All three of those tales are true. The first was one of the most explosive revelations in the Senate's mid-1970s investigation of the CIA. The second is the infamous Tuskegee experiment of 1932–1972, which set off an uproar when it was revealed. The third, which took place from 1956 to 1971 at the Willowbrook State School, is brought up frequently in debates about informed consent: The parents agreed to the experiments, but the kids were in no position to understand what they were getting into.
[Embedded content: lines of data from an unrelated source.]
(* (a) For all flow graphs $h_1,h_2$ over a flow monoid with $h_1.X=h_2.X$ and $h_1.\mathit{in}=h_2.\mathit{in}$: $\mathrm{FP}(h_1,h_2)\neq\emptyset$ if and only if $h_1.X\in\mathrm{FP}(h_1,h_2)$. (b) Flow footprints are not closed under intersection and need not have a unique inclusion-minimal element: there exist such flow graphs $h_1,h_2$ and sets $Y_1,Y_2\in\mathrm{FP}(h_1,h_2)$ with $Y_1\cap Y_2\notin\mathrm{FP}(h_1,h_2)$.
   Context: A flow monoid is a commutative monoid $(\mathbb{M},+,0)$ such that $n\le m :\iff \exists o.\ m=n+o$ is a partial order in which every ascending chain $K$ has a least upper bound $\bigsqcup K$, and $n+\bigsqcup K=\bigsqcup(n+K)$. $\mathcal{C}(\mathbb{M}\to\mathbb{M})$ is the set of functions commuting with least upper bounds of ascending chains. Infinite sums denote least upper bounds of finite partial sums. A flow graph is $h=(X,E,\mathit{in})$ with $X\subseteq\mathbb{N}$ finite, $E:X\times\mathbb{N}\to\mathcal{C}(\mathbb{M}\to\mathbb{M})$, $\mathit{in}:(\mathbb{N}\setminus X)\times X\to\mathbb{M}$; $\mathit{in}_x=\sum_{y\in\mathbb{N}\setminus X}\mathit{in}(y,x)$; the flow $h.\mathit{flow}$ is the least $\mathit{flow}:X\to\mathbb{M}$ with $\mathit{flow}(x)=\mathit{in}_x+\sum_{y\in X}E(y,x)(\mathit{flow}(y))$; the outflow is $h.\mathit{out}(x,y)=E(x,y)(h.\mathit{flow}(x))$ for $x\in X$, $y\notin X$. Transfer function: $\mathsf{tf}(h)(\mathit{in}')$ is the outflow of $(X,E,\mathit{in}')$. $\mathsf{tf}(h_1)=_{\mathit{in}}\mathsf{tf}(h_2)$ means equality on all inflows $\mathit{in}'\le\mathit{in}$ (pointwise). Contextual equivalence $h_1\approx h_2$: $h_1.X=h_2.X$, $h_1.\mathit{in}=h_2.\mathit{in}$, $\mathsf{tf}(h_1)=_{h_1.\mathit{in}}\mathsf{tf}(h_2)$. Restriction: for $Y\subseteq\mathbb{N}$, $h|_Y=(X\cap Y,\ E|_{(X\cap Y)\times\mathbb{N}},\ \mathit{in}')$ with $\mathit{in}'(z,y)=\mathit{in}(z,y)$ for $z\notin X$, $y\in X\cap Y$, and $\mathit{in}'(x,y)=E(x,y)(h.\mathit{flow}(x))$ for $x\in X\setminus Y$, $y\in X\cap Y$. Footprints: for $h_1,h_2$ with $X=h_1.X=h_2.X$ and $h_1.\mathit{in}=h_2.\mathit{in}$, $\mathrm{FP}(h_1,h_2)$ is the set of $Y\subseteq X$ such that $h_1|_Y\approx h_2|_Y$ and $h_1|_{X\setminus Y}=h_2|_{X\setminus Y}$. *)

From Stdlib Require Import ClassicalEpsilon.
From mathcomp Require Import all_boot.
From mathcomp Require Import finmap.
Set Implicit Arguments. Unset Strict Implicit. Unset Printing Implicit Defensive.
Local Open Scope fset_scope.
(* The path collection $\mathcal{P}_{light}=\{\Pi_{\langle x,y\rangle}:\langle x,y\rangle\text{ is an ordered light pair}\}$ satisfies: every path in $\mathcal{P}_{light}$ has length $O(D)$, and every edge of $G$ appears in at most $\widetilde{O}(D)$ paths of $\mathcal{P}_{light}$.
   Context: $G=(V,E)$ is a connected $n$-vertex graph of diameter $D$ with no cut vertex, $T$ a BFS tree rooted at $s$, $\pi(u,v)$ the $T$-path, $T_x$ the subtree at $x$, $V_x=V(T_x)\setminus\{x\}$; $\widetilde{O}$ hides polylog$(n)$ factors. The heavy child $x_h$ of a non-leaf $x$ is the child with largest subtree (ties broken consistently); other children and their edges to $x$ are light. $\mathcal{C}_x$ is the set of components of $G[V_x]$, $C_{x,v}$ the one containing $v$; for each $C\in\mathcal{C}_x$ a fixed edge $(u_C,v_C)\in E$ with $v_C\in C$, $u_C\notin V(T_x)$, and $\pi_x(s,C)=\pi(s,u_C)\circ(u_C,v_C)$. $x,y$ is independent if neither is a $T$-ancestor of the other. For independent $x,y$, $C\in\mathcal{C}_x$ is fully-$y$-sensitive if $y\in\pi_x(s,C)$ and $\pi_x(s,C)$ contains no $T$-edge $(y,y')$ with $x\notin\pi_y(s,C_{y,y'})$; $\mathcal{FS}(x,y)$ is the set of such components. An ordered independent pair $\langle x,y\rangle$ is an ordered light pair if there is $C\in\mathcal{FS}(x,y)$ with $(y,y_h)\notin\pi_x(s,C)$. For each ordered light pair choose arbitrarily such a component $C^{\langle x,y\rangle}$ and let $\Pi_{\langle x,y\rangle}=\pi(x,v_{C^{\langle x,y\rangle}})\circ(v_{C^{\langle x,y\rangle}},u_{C^{\langle x,y\rangle}})\circ\pi(u_{C^{\langle x,y\rangle}},y)$. *)

From mathcomp Require Import all_boot.
Set Implicit Arguments. Unset Strict Implicit. Unset Printing Implicit Defensive.

(* Simple undirected graph: vertex type V (finite), adjacency e (symmetric,
   irreflexive).  BFS tree T given by a parent function p rooted at s. *)

Section Graph.
Variables (V : finType) (e : rel V).

Fixpoint reach (k : nat) (u v : V) : bool :=
  if k is k'.+1 then (u == v) || [exists w, e u w && reach k' w v]
  else u == v.
(* In the non-binary voting game, let $e(N)$ be any function of $N$. For every $N$ large enough that the number of friendly agents is less than $\mu N$ and the number of unfriendly agents is less than $(1-\mu)N$, and every regular strategy profile $\Sigma^*$ with $N$ agents satisfying $A(\Sigma^* )\ge1-e(N)$, the profile $\Sigma^*$ is an $\varepsilon$-strong Bayes Nash Equilibrium with $\varepsilon=\mathcal{W}B((\mathcal{W}-1)B+1)\,e(N)$.
   Context: Non-binary voting game. $N$ agents each vote for $\mathbf{A}$ or $\mathbf{R}$. World state $W\in\{1,\dots,\mathcal{W}\}$ (unobserved), prior $P_w>0$. Conditional on $W$, each agent independently receives a signal $S_n\in\{1,\dots,M\}$ with $P_{mw}=\Pr[S_n=m\mid W=w]$, satisfying stochastic dominance ($\Pr[S_n\ge m\mid w_1]>\Pr[S_n\ge m\mid w_2]$ for $w_1>w_2$, $m\ge2$). Threshold $\mu\in(0,1)$: $\mathbf{A}$ wins iff at least $\mu N$ agents vote $\mathbf{A}$, else $\mathbf{R}$. Agent $n$ has utility $v_n:\{1,\dots,\mathcal{W}\}\times\{\mathbf{A},\mathbf{R}\}\to\{0,\dots,B\}$ ($B$ a positive integer) with $v_n(w,\mathbf{A})$ strictly increasing, $v_n(w,\mathbf{R})$ strictly decreasing in $w$, and $v_n(w,\mathbf{A})\ne v_n(w,\mathbf{R})$. Constants $\alpha^{\mathbf{A}}_w,\alpha^{\mathbf{R}}_w=1-\alpha^{\mathbf{A}}_w$: exactly $\lfloor\alpha^{\mathbf{R}}_wN\rfloor$ agents prefer $\mathbf{R}$ in state $w$; $\alpha^{\mathbf{A}}_w\ne\mu$ and rounding does not flip the comparison with $\mu$. Informed majority decision in $w$: $\mathbf{A}$ if $\alpha^{\mathbf{A}}_w>\mu$, else $\mathbf{R}$. $\mathcal{L}=\{w:\alpha^{\mathbf{A}}_w<\mu\}$, $\mathcal{H}=\{w:\alpha^{\mathbf{A}}_w>\mu\}$, both nonempty. For agent $n$, $\mathcal{L}_n=\{w:v_n(w,\mathbf{R})>v_n(w,\mathbf{A})\}$, $\mathcal{H}_n=\{w:v_n(w,\mathbf{A})>v_n(w,\mathbf{R})\}$; friendly if $\mathcal{L}\cap\mathcal{H}_n\ne\emptyset$, unfriendly if $\mathcal{H}\cap\mathcal{L}_n\ne\emptyset$, contingent if $\mathcal{L}_n=\mathcal{L}$. Strategy $\sigma=(\beta_1,\dots,\beta_M)$, $\beta_m$ = probability of voting $\mathbf{A}$ on signal $m$. Regular profile: friendly agents always vote $\mathbf{A}$, unfriendly always vote $\mathbf{R}$. $\lambda^{\mathbf{X}}_w(\Sigma)$: ex-ante probability that $\mathbf{X}$ wins in state $w$. Fidelity $A(\Sigma)=\sum_{w\in\mathcal{L}}P_w\lambda^{\mathbf{R}}_w(\Sigma)+\sum_{w\in\mathcal{H}}P_w\lambda^{\mathbf{A}}_w(\Sigma)$. Expected utility $u_n(\Sigma)=\sum_wP_w(\lambda^{\mathbf{A}}_w(\Sigma)v_n(w,\mathbf{A})+\lambda^{\mathbf{R}}_w(\Sigma)v_n(w,\mathbf{R}))$. $\Sigma$ is an $\varepsilon$-strong Bayes Nash Equilibrium if there is no set $D$ of agents and profile $\Sigma'$ with $\sigma'_n=\sigma_n$ for $n\notin D$, $u_n(\Sigma')\ge u_n(\Sigma)$ for all $n\in D$ and $u_n(\Sigma')>u_n(\Sigma)+\varepsilon$ for some $n\in D$. *)

From HB Require Import structures.
From mathcomp Require Import all_boot all_order all_algebra.
Set Implicit Arguments. Unset Strict Implicit. Unset Printing Implicit Defensive.
Import Order.TTheory GRing.Theory Num.Theory.
Local Open Scope ring_scope.
Lemma linear_ode_uniq (u1 u2 : R -> 'I_n -> R) :
  (forall t i, is_derive t (1 : R) (fun s => u1 s i) (mxv a (u1 t) i)) ->
  (forall t i, is_derive t (1 : R) (fun s => u2 s i) (mxv a (u2 t) i)) ->
  (forall i, u1 0 i = u2 0 i) -> forall t, 0 <= t -> forall i, u1 t i = u2 t i.
Proof.
move=> du1 du2 u10 t t_ge0 i.
pose d s j := u1 s j - u2 s j.
have dd s j : is_derive s (1 : R) (fun s => d s j) (mxv a (d s) j).
  apply: is_derive_eq (is_deriveB (du1 s j) (du2 s j)) _.
  by rewrite /mxv -sumrB; apply: eq_bigr => l _; rewrite mulrBr.
pose B := 2 * (n%:R * mx_l1norm a).
pose Q s := \sum_j d s j ^+ 2.
have Q_ge0 s : 0 <= Q s by apply: sumr_ge0 => j _; exact: sqr_ge0.
have dQ s : is_derive s (1 : R) Q (\sum_j 2 * (d s j * mxv a (d s) j)).
  have dsq j : is_derive s (1 : R) (fun s => d s j ^+ 2) (2 * (d s j * mxv a (d s) j)).
    apply: is_derive_eq (is_deriveX 2 (dd s j)) _.
    by rewrite /= expr1 -scalerA.
  by have := is_derive_sum dsq; rewrite fct_sumE.
(* Gronwall: [E s = e^{-Bs} Q s] is nonincreasing, nonnegative and vanishes at [0]. *)
pose E s := expR (- B * s) * Q s.
pose dE s := expR (- B * s) * \sum_j 2 * (d s j * mxv a (d s) j)
             + Q s * (expR (- B * s) * - B).
have E_derive s : is_derive s (1 : R) E (dE s).
  exact: is_deriveM (is_derive_expR_scale (- B) s) (dQ s).
have dE_le0 s : dE s <= 0.
  rewrite /dE mulrCA -mulrDr; apply: mulr_ge0_le0; first exact: expR_ge0.
  rewrite mulrN subr_le0 -mulr_sumr /B [Q s * _]mulrC -mulrA ler_pM2l //.
  exact: mxv_quad_bound.
have E0 : E 0 = 0.
  by rewrite /E /Q big1 ?mulr0 // => j _; rewrite /d u10 subrr expr0n.
have E_cont : {within `[0, t], continuous E}.
  by apply: derivable_within_continuous => x _; case: (E_derive x).
have [c _ Ec] := MVT_segment t_ge0 (fun s _ => E_derive s) E_cont.
have Et_le0 : E t <= 0 by move: Ec; rewrite E0 !subr0 => ->; exact: mulr_le0_ge0.
have /eqP Qt : Q t == 0.
  by rewrite eq_le Q_ge0 andbT -(pmulr_rle0 _ (expR_gt0 (- B * t))).
have dt0 : forall j, true -> d t j ^+ 2 = 0.
  by apply: psumr_eq0P Qt => j _; exact: sqr_ge0.
by move/eqP: (dt0 i isT); rewrite sqrf_eq0 subr_eq0 => /eqP.
Qed.

End LinearODE.

Section MarkovSemigroup.
Variables (R : realType) (n : nat) (m : 'I_n -> 'I_n -> R).
Hypothesis m_row0 : forall i, \sum_j m i j = 0.
Hypothesis m_offdiag_le0 : forall i j, i != j -> m i j <= 0.

Let mN i j := - m i j.
Let c := mx_l1norm m.
Let p i j := (i == j)%:R * c - m i j.

Let p_ge0 i j : 0 <= p i j.
Proof.
rewrite /p; have [->|ij] := eqVneq i j.
  by rewrite mul1r subr_ge0 (le_trans (ler_norm _) (ler_mx_l1norm m j j)).
by rewrite mul0r sub0r oppr_ge0 m_offdiag_le0.
Qed.

Let mxv_p x i : mxv p x i = c * x i - mxv m x i.
Proof.
rewrite /mxv /p; under eq_bigr do rewrite mulrBl.
rewrite sumrB; congr (_ - _).
rewrite (bigD1 i) //= eqxx mul1r big1 ?addr0 // => j /negbTE.
by rewrite eq_sym => ->; rewrite !mul0r.
Qed.

Let mxv_mN x i : mxv mN x i = - mxv m x i.
Proof. by rewrite /mxv /mN -sumrN; apply: eq_bigr => j _; rewrite mulNr. Qed.

(* [-m = p - c I] with [p >= 0] entrywise, hence [e^{-tm} = e^{-ct} e^{tp}]; both sides
   solve the same linear ODE. *)
Lemma expmvN_shift t x i :
  0 <= t -> expmv mN t x i = expR (- c * t) * expmv p t x i.
Proof.
move=> t_ge0.
apply: (@linear_ode_uniq _ _ mN (fun s => expmv mN s x)
                          (fun s j => expR (- c * s) * expmv p s x j)) => // [s j|s j|j].
- by apply: is_derive_eq (is_derive_expmv mN x j s) _; rewrite expmv_mxv.
- apply: is_derive_eq (is_deriveM (is_derive_expR_scale (- c) s) (is_derive_expmv p x j s)) _.
  rewrite expmv_mxv mxv_p mxv_mN /mxv.
  under [in RHS]eq_bigr do rewrite mulrCA.
  by rewrite -mulr_sumr /GRing.scale /=; ring.
- by rewrite !expmv0 mulr0 expR0 mul1r.
Qed.

Lemma expmvN_cst1 t i : 0 <= t -> expmv mN t (fun _ => 1) i = 1.
Proof.
move=> t_ge0.
apply: (@linear_ode_uniq _ _ mN (fun s => expmv mN s (fun _ => 1)) (fun _ _ => 1))
  => // [s j|s j|j].
- by apply: is_derive_eq (is_derive_expmv mN _ j s) _; rewrite expmv_mxv.
- apply: is_derive_eq (is_derive_cst (1 : R) s 1) _.
  by rewrite mxv_mN /mxv (eq_bigr _ (fun l _ => mulr1 (m j l))) m_row0 oppr0.
- by rewrite expmv0.
Qed.

Lemma expmvN_ge0 t x i : 0 <= t -> (forall l, 0 <= x l) -> 0 <= expmv mN t x i.
Proof.
move=> t_ge0 x_ge0; rewrite expmvN_shift // mulr_ge0 ?expR_ge0 //.
exact: expmv_ge0.
Qed.

Lemma expmvN_contraction t y i (Y : R) :
  0 <= t -> (forall j, `|y j| <= Y) -> `|expmv mN t y i| <= Y.
Proof.
move=> t_ge0 y_le.
have [lower upper] :
    (forall l, 0 <= Y * 1 + 1 * y l) /\ (forall l, 0 <= Y * 1 + (-1) * y l).
  by split=> l; have := y_le l; rewrite ler_norml => /andP[]; lra.
have := expmvN_ge0 i t_ge0 lower; have := expmvN_ge0 i t_ge0 upper.
by rewrite ler_norml !expmv_lin2 expmvN_cst1 // => ? ?; apply/andP; split; lra.
Qed.

Lemma expmvN_sub_bound t v i (K : R) :
  0 <= t -> (forall j, `|mxv m v j| <= K) -> `|expmv mN t v i - v i| <= t * K.
Proof.
move=> t_ge0 mv_le.
have dG s := is_derive_expmv mN v i s.
have G_cont : {within `[0, t], continuous (fun s => expmv mN s v i)}.
  by apply: derivable_within_continuous => s _; case: (dG s).
have [s] := MVT_segment t_ge0 (fun s _ => dG s) G_cont.
rewrite in_itv /= => /andP[s_ge0 _]; rewrite expmv0 subr0 => ->.
rewrite normrM mulrC ger0_norm // ler_wpM2l //.
by apply: expmvN_contraction => // j; rewrite mxv_mN normrN.
Qed.

End MarkovSemigroup.

Definition basisv (R : nzRingType) (n : nat) (j : 'I_n) : 'I_n -> R :=
  fun k => (k == j)%:R.

Section GraphLaplacian.
Variables (R : realType) (n : nat) (w : 'I_n -> 'I_n -> R) (r : R).
Hypothesis w_graph : is_graph w.

Lemma weight_sym i j : w i j = w j i.
Proof. by case: w_graph => _ []. Qed.

Lemma weight_ge0 i j : 0 <= w i j.
Proof. by case: w_graph => _ [_ []]. Qed.

Lemma deg_gt0 i : 0 < deg w i.
Proof.
case: w_graph => n_ge2 [_ [_ [_ w_conn]]].
have [j ij] : exists j : 'I_n, j != i.
  have n_gt0 : (0 < n)%N by apply: leq_trans n_ge2.
  have [->|i_neq0] := eqVneq i (Ordinal n_gt0); last by exists (Ordinal n_gt0); rewrite eq_sym.
  by exists (Ordinal n_ge2).
have /connectP [[|k p] /= path_ij last_ij] := w_conn i j.
  by rewrite last_ij eqxx in ij.
case/andP: path_ij => w_ik _; apply: lt_le_trans w_ik _.
exact: (ler_psum_term (F := fun j => w i j) k (weight_ge0 i)).
Qed.

Lemma degr_gt0 i : 0 < deg w i `^ r.
Proof. exact: powR_gt0 (deg_gt0 i). Qed.

Lemma degr_neq0 i : deg w i `^ r != 0.
Proof. by rewrite gt_eqF // degr_gt0. Qed.

Lemma vol_gt0 : 0 < vol r w.
Proof.
case: w_graph => n_ge2 _; have n_gt0 : (0 < n)%N by apply: leq_trans n_ge2.
apply: lt_le_trans (degr_gt0 (Ordinal n_gt0)) _.
exact: (ler_psum_term (F := fun j => deg w j `^ r) _ (fun j => ltW (degr_gt0 j))).
Qed.

Lemma vol_neq0 : vol r w != 0.
Proof. by rewrite gt_eqF // vol_gt0. Qed.

Lemma lap_lincomb (J : finType) (c : J -> R) (f : J -> 'I_n -> R) i :
  lap r w (fun k => \sum_j c j * f j k) i = \sum_j c j * lap r w (f j) i.
Proof.
rewrite /lap.
transitivity (deg w i `^ (- r) * \sum_k \sum_j c j * (w i k * (f j i - f j k))).
  congr (_ * _); apply: eq_bigr => k _; rewrite -sumrB mulr_sumr.
  by apply: eq_bigr => j _; ring.
by rewrite exchange_big mulr_sumr; apply: eq_bigr => j _; rewrite -mulr_sumr; ring.
Qed.

Lemma mass_lincomb (J : finType) (c : J -> R) (f : J -> 'I_n -> R) :
  mass r w (fun k => \sum_j c j * f j k) = \sum_j c j * mass r w (f j).
Proof.
rewrite /mass (eq_bigr (fun k => \sum_j c j * (deg w k `^ r * f j k))); last first.
  by move=> k _; rewrite mulr_sumr; apply: eq_bigr => j _; ring.
by rewrite exchange_big; apply: eq_bigr => j _; rewrite mulr_sumr.
Qed.

Lemma lap_lin2 (c1 c2 : R) f g i :
  lap r w (fun k => c1 * f k + c2 * g k) i = c1 * lap r w f i + c2 * lap r w g i.
Proof.
have := lap_lincomb (fun b : bool => if b then c1 else c2) (fun b => if b then f else g) i.
by rewrite big_bool /= => <-; congr (lap r w _ i); apply/funext => l; rewrite big_bool.
Qed.

Lemma mass_lin2 (c1 c2 : R) f g :
  mass r w (fun k => c1 * f k + c2 * g k) = c1 * mass r w f + c2 * mass r w g.
Proof.
have := mass_lincomb (fun b : bool => if b then c1 else c2) (fun b => if b then f else g).
by rewrite big_bool /= => <-; congr (mass r w _); apply/funext => l; rewrite big_bool.
Qed.

Lemma lap_cst (c : R) i : lap r w (fun _ => c) i = 0.
Proof. by rewrite /lap big1 ?mulr0 // => k _; rewrite subrr mulr0. Qed.

Lemma mass_cst (c : R) : mass r w (fun _ => c) = c * vol r w.
Proof. by rewrite /mass /vol mulr_sumr; apply: eq_bigr => k _; rewrite mulrC. Qed.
If those items had been included in the JAMA study, what would the results reveal? Would people aware of real medical misbehavior be more likely to buy into the fictional stories, or would they be grounded in the evidence in a way the other believers are not? Would their beliefs also correlate with an interest in alternative medicine, or would there be a noticeable difference between their behavior and that of the original study's conspiracy believers? How, in short, does an awareness of real conspiracies affect "conspiracist" ideas?

Just as the Facebook paper reminds us that not every false story involves a conspiracy, this alternate version of the JAMA study would remind us that not every conspiracy story is false. It could reveal a lot in the process. But to get there, you have to change your scope.